Berridge has further explored the areas in the brain which are active when an animal experiences pleasure. The ventral pallidum, which is connected and very near the area where dopamine is released, is activated when the animal experiences pleasure.  Moreover, this area activates in response to a wide range of pleasurable experiences.  Thus, Berridge and Kringelbach argue that many types of pleasurable experiences converge here.  Berridge and Kringelbach also make a distinction between areas which enhance pleasure and areas which are necessary for pleasure.  While stimulation of areas in the Orbitofrontal cortex, the ventral pallidum, the parabrachial can enhance pleasurable responses, most of these areas if removed, don’t erase pleasure.  Only the ventral pallidum, when damaged, turns liking into disgust. The neurotransmitters released in the hedonic hot spots (rostral-dorsal medial shell of the Nucleus Accumbens and ventral pallidum) include opiate type neurotransmitters, orexin, and cannabinoid type neurotransmitters.

All of this parsing of activity in the brain does have implications for how behaviors are viewed.   Dopamine has been recognized as the neurotransmitter most relevant for addiction.  (All drugs that lead to compulsive use induce dopamine release.)  Addiction happens when the motivational system gets captured by a drug.  Although a drug might initially be taken for its impact on mood (the drug either relieves pain or produces pleasure), affective consequences of the drug cannot explain addiction.  Addicts use because they are compelled.  The affective consequences are irrelevant.  The story on how the dopamine system gets captured by a drug and how recovery can be achieved is also pretty interesting.  This story is told in Chapter 8 and will wait for another blog.

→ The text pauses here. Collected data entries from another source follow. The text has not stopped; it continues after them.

(* Let $g\colon[0,\infty)\to\mathbb{R}$ be strictly monotone with $0<c_1\le g(\lambda)<1/2$ for all $\lambda\ge0$ and $|g(\lambda)-g(\lambda')|\le c_2|\lambda-\lambda'|$ for all $\lambda,\lambda'\ge0$, for some constants $c_1>0$ and $c_2<1/2$. Let $f(\lambda,y)=g(\lambda)+y/2$. Then $f$ satisfies $|f(\lambda,y)-f(\lambda',y')|\le\kappa_1|\lambda-\lambda'|+\kappa_2|y-y'|$ with $\kappa_1=c_2$, $\kappa_2=1/2$, $\kappa_1+\kappa_2<1$, and for the strictly stationary process $((N_t,\lambda_t))_{t\in\mathbb{Z}}$ with $N_t\mid\sigma(\lambda_s,N_s:s\le t-1)\sim\mathrm{Poisson}(\lambda_t)$ and $\lambda_t=f(\lambda_{t-1},N_{t-1})$, one has $2g(\lambda_{t-1})=2\lambda_t-\lfloor2\lambda_t\rfloor$ for all $t$, so $\lambda_{t-1}$ (and hence the whole past $(\lambda_s)_{s\le t}$) is a measurable function of $\lambda_t$; in particular the intensity process $(\lambda_t)_{t\in\mathbb{Z}}$ (and hence also $((N_t,\lambda_t))_{t\in\mathbb{Z}}$) is not strongly mixing.
   Context: Strong mixing of a stationary process $(X_t)_{t\in\mathbb Z}$ means $\alpha(n)=\sup_{A\in\sigma(X_s:s\le0),B\in\sigma(X_s:s\ge n)}|P(A\cap B)-P(A)P(B)|\to0$. $\lfloor x\rfloor$ denotes the integer part. *)

From HB Require Import structures.
From mathcomp Require Import all_boot all_order all_algebra.
From mathcomp Require Import all_classical all_reals all_analysis.
Set Implicit Arguments. Unset Strict Implicit. Unset Printing Implicit Defensive.
Import Order.TTheory GRing.Theory Num.Theory.
Local Open Scope classical_set_scope.
Local Open Scope ring_scope.

Definition fpois {R : realType} (g : R -> R) (l y : R) : R := g l + y / 2.

Definition gen_sigma {d d'} {T : measurableType d} {V : measurableType d'}
  (X : int -> T -> V) (S : set int) : set (set T) :=
  <<s [set X s @^-1` B | s in S & B in [set B | measurable B]] >>.

Definition alpha_mix {d d'} {T : measurableType d} {V : measurableType d'}
  {R : realType} (P : probability T R) (X : int -> T -> V) (n : nat) : \bar R :=
  ereal_sup [set x | exists A B, gen_sigma X [set s | s <= 0]%R A /\
       gen_sigma X [set s | (n%:Z <= s)%R] B /\
       x = `|(P (A `&` B) - P A * P B)%E|%E].

Definition strongly_mixing {d d'} {T : measurableType d} {V : measurableType d'}
  {R : realType} (P : probability T R) (X : int -> T -> V) : Prop :=
  (alpha_mix P X n @[n --> \oo] --> 0%E).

Major depression involves both a diminution of motivation and a decrease in pleasure. Being able to distinguish these two components of “depression” anatomically allows researchers to ask whether various environmental manipulations or chemical interventions will have differential effects on each dimension.  In fact, making an animal’s environment less formidable and more predictable enhances the activity of all the pleasure structures, although this manipulation does not affect motivated behavior.  Perhaps, in the future, the distinctions, which are obvious to neuroscientists, will penetrate the thinking of the lay public.

Berridge, K. C., & Kringelbach, M. L. (2015).  Pleasure systems in the brain. Neuron, 86, 646-664.